What the task requires: The whole of the data, every line, should come back exactly the same.

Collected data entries
Theorem proposition4
  (B1 C1 F1 B2 C2 F2 phi r10 r20 : R)
  (xbar1 xbar2 : R -> R)
  (hB1 : 0 < B1) (hC1 : 0 < C1) (hF1 : 0 < F1) (hCB1 : C1 < B1)
  (hB2 : 0 < B2) (hC2 : 0 < C2) (hF2 : 0 < F2) (hCB2 : C2 < B2)
  (hphi : 0 < phi)
  (hr10 : 0 <= r10) (hr20 : 0 <= r20) (hr : r10 + r20 = 1)
  (hcap : phi < F1 + F2)
  (hF1r : forall alpha, unit_interval alpha -> F1 > (1 - alpha) * phi * r10)
  (hF2r : forall alpha, unit_interval alpha -> F2 > (1 - alpha) * phi * r20)
  (hE1 : phi < F1 / C1 * B1)
  (hE2 : phi < F2 / C2 * B2)
  (heq : forall alpha, unit_interval alpha ->
     is_equilibrium B1 C1 F1 B2 C2 F2 phi r10 r20 alpha (xbar1 alpha) (xbar2 alpha))
  (hnud : forall alpha, unit_interval alpha ->
     phi * Rt1 alpha r10 B1 B2 (xbar1 alpha) (xbar2 alpha) <= F1 /\
     phi * Rt2 alpha r20 B1 B2 (xbar1 alpha) (xbar2 alpha) <= F2) :
  let E1 := F1 / C1 * B1 in
  let E2 := F2 / C2 * B2 in
  let g := fun alpha =>
    Jcost B1 B2 phi r10 r20 alpha (xbar1 alpha) (xbar2 alpha) in
  let xi1 := E1 / (E1 + E2) in
  let xi2 := (E1 * E2 + E1 * (F1 + F2)) /
             (2 * E1 * E2 + (E1 + E2) * (F1 + F2)) in
  let abar := 2 * (r10 * (E1 + E2) - E1) / ((2 * r10 - 1) * (E1 + E2)) in
  let phibar := E1 * E2 * (1 - 2 * r10) / (r10 * (E1 + E2) - E1) in
  (E1 >= E2 ->
     (r10 < 1/2 -> decreasing_on unit_interval g) /\
     (1/2 <= r10 <= xi2 -> phi < phibar -> increasing_on unit_interval g) /\
     (1/2 <= r10 <= xi2 -> phi >= phibar -> decreasing_on unit_interval g) /\
     (xi2 <= r10 <= xi1 -> increasing_on unit_interval g) /\
     (r10 >= xi1 -> incr_after_min abar g)) /\
  (E1 < E2 ->
     (r10 <= xi1 -> incr_after_min abar g) /\
     (xi1 < r10 <= xi2 -> increasing_on unit_interval g) /\
     (xi2 < r10 <= 1/2 -> phi < phibar -> increasing_on unit_interval g) /\
     (xi2 < r10 <= 1/2 -> phi >= phibar -> decreasing_on unit_interval g) /\
     (r10 > 1/2 -> decreasing_on unit_interval g)).
Proof.
  (* hF1r, hF2r, hE1 and hE2 only ensure that the equilibrium exists; heq provides it. *)
  intros E1 E2 g xi1 xi2 abar phibar.
  assert (hE1p : 0 < E1) by (apply Rmult_lt_0_compat; [apply Rdiv_lt_0_compat |]; lra).
  assert (hE2p : 0 < E2) by (apply Rmult_lt_0_compat; [apply Rdiv_lt_0_compat |]; lra).
  assert (r20_eq : r20 = 1 - r10) by lra. subst r20.
  set (c1 := phi ^ 2 * (E1 * E2 / (E1 + E2))).
  assert (hc1 : 0 <= c1).
  { apply Rmult_le_pos; [apply pow2_ge_0 | left; apply Rdiv_lt_0_compat; nra]. }
  assert (g_eq : forall a, unit_interval a ->
    g a = phi ^ 2 / (E1 + E2) + c1 * imbalance E1 E2 phi r10 a ^ 2).
  { intros a ha. destruct (heq a ha) as (_ & _ & eq1 & eq2).
    destruct (hnud a ha) as [nud1 nud2].
    apply Jcost_free_flow; try assumption; [apply ha | |].
    - rewrite (equilibrium_free_flow B1 C1 F1 _ _ hC1 hCB1 hF1 eq1 nud1).
      unfold E1. field. lra.
    - rewrite (equilibrium_free_flow B2 C2 F2 _ _ hC2 hCB2 hF2 eq2 nud2).
      unfold E2. field. lra. }
  split; intros hE; (split; [| split; [| split; [| split]]]); intros.
  - apply (decreasing_on_affine g_eq hc1), imbalance_sqr_item_a; assumption.
  - apply (increasing_on_affine g_eq hc1), (imbalance_sqr_item_b E1 E2 (F1 + F2)); assumption.
  - apply (decreasing_on_affine g_eq hc1), (imbalance_sqr_item_c E1 E2 (F1 + F2)); assumption.
  - apply (increasing_on_affine g_eq hc1), (imbalance_sqr_item_d E1 E2 (F1 + F2)); assumption.
  - apply (incr_after_min_affine g_eq hc1), imbalance_sqr_item_e; assumption.
  - apply (incr_after_min_affine g_eq hc1), imbalance_sqr_item_f; assumption.
  - apply (increasing_on_affine g_eq hc1), (imbalance_sqr_item_g E1 E2 (F1 + F2)); assumption.
  - apply (increasing_on_affine g_eq hc1), (imbalance_sqr_item_h E1 E2 (F1 + F2)); assumption.
  - apply (decreasing_on_affine g_eq hc1), (imbalance_sqr_item_i E1 E2 (F1 + F2)); assumption.
  - apply (decreasing_on_affine g_eq hc1), imbalance_sqr_item_j; assumption.
Qed.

Solution to this problem:
Theorem proposition4
  (B1 C1 F1 B2 C2 F2 phi r10 r20 : R)
  (xbar1 xbar2 : R -> R)
  (hB1 : 0 < B1) (hC1 : 0 < C1) (hF1 : 0 < F1) (hCB1 : C1 < B1)
  (hB2 : 0 < B2) (hC2 : 0 < C2) (hF2 : 0 < F2) (hCB2 : C2 < B2)
  (hphi : 0 < phi)
  (hr10 : 0 <= r10) (hr20 : 0 <= r20) (hr : r10 + r20 = 1)
  (hcap : phi < F1 + F2)
  (hF1r : forall alpha, unit_interval alpha -> F1 > (1 - alpha) * phi * r10)
  (hF2r : forall alpha, unit_interval alpha -> F2 > (1 - alpha) * phi * r20)
  (hE1 : phi < F1 / C1 * B1)
  (hE2 : phi < F2 / C2 * B2)
  (heq : forall alpha, unit_interval alpha ->
     is_equilibrium B1 C1 F1 B2 C2 F2 phi r10 r20 alpha (xbar1 alpha) (xbar2 alpha))
  (hnud : forall alpha, unit_interval alpha ->
     phi * Rt1 alpha r10 B1 B2 (xbar1 alpha) (xbar2 alpha) <= F1 /\
     phi * Rt2 alpha r20 B1 B2 (xbar1 alpha) (xbar2 alpha) <= F2) :
  let E1 := F1 / C1 * B1 in
  let E2 := F2 / C2 * B2 in
  let g := fun alpha =>
    Jcost B1 B2 phi r10 r20 alpha (xbar1 alpha) (xbar2 alpha) in
  let xi1 := E1 / (E1 + E2) in
  let xi2 := (E1 * E2 + E1 * (F1 + F2)) /
             (2 * E1 * E2 + (E1 + E2) * (F1 + F2)) in
  let abar := 2 * (r10 * (E1 + E2) - E1) / ((2 * r10 - 1) * (E1 + E2)) in
  let phibar := E1 * E2 * (1 - 2 * r10) / (r10 * (E1 + E2) - E1) in
  (E1 >= E2 ->
     (r10 < 1/2 -> decreasing_on unit_interval g) /\
     (1/2 <= r10 <= xi2 -> phi < phibar -> increasing_on unit_interval g) /\
     (1/2 <= r10 <= xi2 -> phi >= phibar -> decreasing_on unit_interval g) /\
     (xi2 <= r10 <= xi1 -> increasing_on unit_interval g) /\
     (r10 >= xi1 -> incr_after_min abar g)) /\
  (E1 < E2 ->
     (r10 <= xi1 -> incr_after_min abar g) /\
     (xi1 < r10 <= xi2 -> increasing_on unit_interval g) /\
     (xi2 < r10 <= 1/2 -> phi < phibar -> increasing_on unit_interval g) /\
     (xi2 < r10 <= 1/2 -> phi >= phibar -> decreasing_on unit_interval g) /\
     (r10 > 1/2 -> decreasing_on unit_interval g)).
Proof.
  (* hF1r, hF2r, hE1 and hE2 only ensure that the equilibrium exists; heq provides it. *)
  intros E1 E2 g xi1 xi2 abar phibar.
  assert (hE1p : 0 < E1) by (apply Rmult_lt_0_compat; [apply Rdiv_lt_0_compat |]; lra).
  assert (hE2p : 0 < E2) by (apply Rmult_lt_0_compat; [apply Rdiv_lt_0_compat |]; lra).
  assert (r20_eq : r20 = 1 - r10) by lra. subst r20.
  set (c1 := phi ^ 2 * (E1 * E2 / (E1 + E2))).
  assert (hc1 : 0 <= c1).
  { apply Rmult_le_pos; [apply pow2_ge_0 | left; apply Rdiv_lt_0_compat; nra]. }
  assert (g_eq : forall a, unit_interval a ->
    g a = phi ^ 2 / (E1 + E2) + c1 * imbalance E1 E2 phi r10 a ^ 2).
  { intros a ha. destruct (heq a ha) as (_ & _ & eq1 & eq2).
    destruct (hnud a ha) as [nud1 nud2].
    apply Jcost_free_flow; try assumption; [apply ha | |].
    - rewrite (equilibrium_free_flow B1 C1 F1 _ _ hC1 hCB1 hF1 eq1 nud1).
      unfold E1. field. lra.
    - rewrite (equilibrium_free_flow B2 C2 F2 _ _ hC2 hCB2 hF2 eq2 nud2).
      unfold E2. field. lra. }
  split; intros hE; (split; [| split; [| split; [| split]]]); intros.
  - apply (decreasing_on_affine g_eq hc1), imbalance_sqr_item_a; assumption.
  - apply (increasing_on_affine g_eq hc1), (imbalance_sqr_item_b E1 E2 (F1 + F2)); assumption.
  - apply (decreasing_on_affine g_eq hc1), (imbalance_sqr_item_c E1 E2 (F1 + F2)); assumption.
  - apply (increasing_on_affine g_eq hc1), (imbalance_sqr_item_d E1 E2 (F1 + F2)); assumption.
  - apply (incr_after_min_affine g_eq hc1), imbalance_sqr_item_e; assumption.
  - apply (incr_after_min_affine g_eq hc1), imbalance_sqr_item_f; assumption.
  - apply (increasing_on_affine g_eq hc1), (imbalance_sqr_item_g E1 E2 (F1 + F2)); assumption.
  - apply (increasing_on_affine g_eq hc1), (imbalance_sqr_item_h E1 E2 (F1 + F2)); assumption.
  - apply (decreasing_on_affine g_eq hc1), (imbalance_sqr_item_i E1 E2 (F1 + F2)); assumption.
  - apply (decreasing_on_affine g_eq hc1), imbalance_sqr_item_j; assumption.
Qed.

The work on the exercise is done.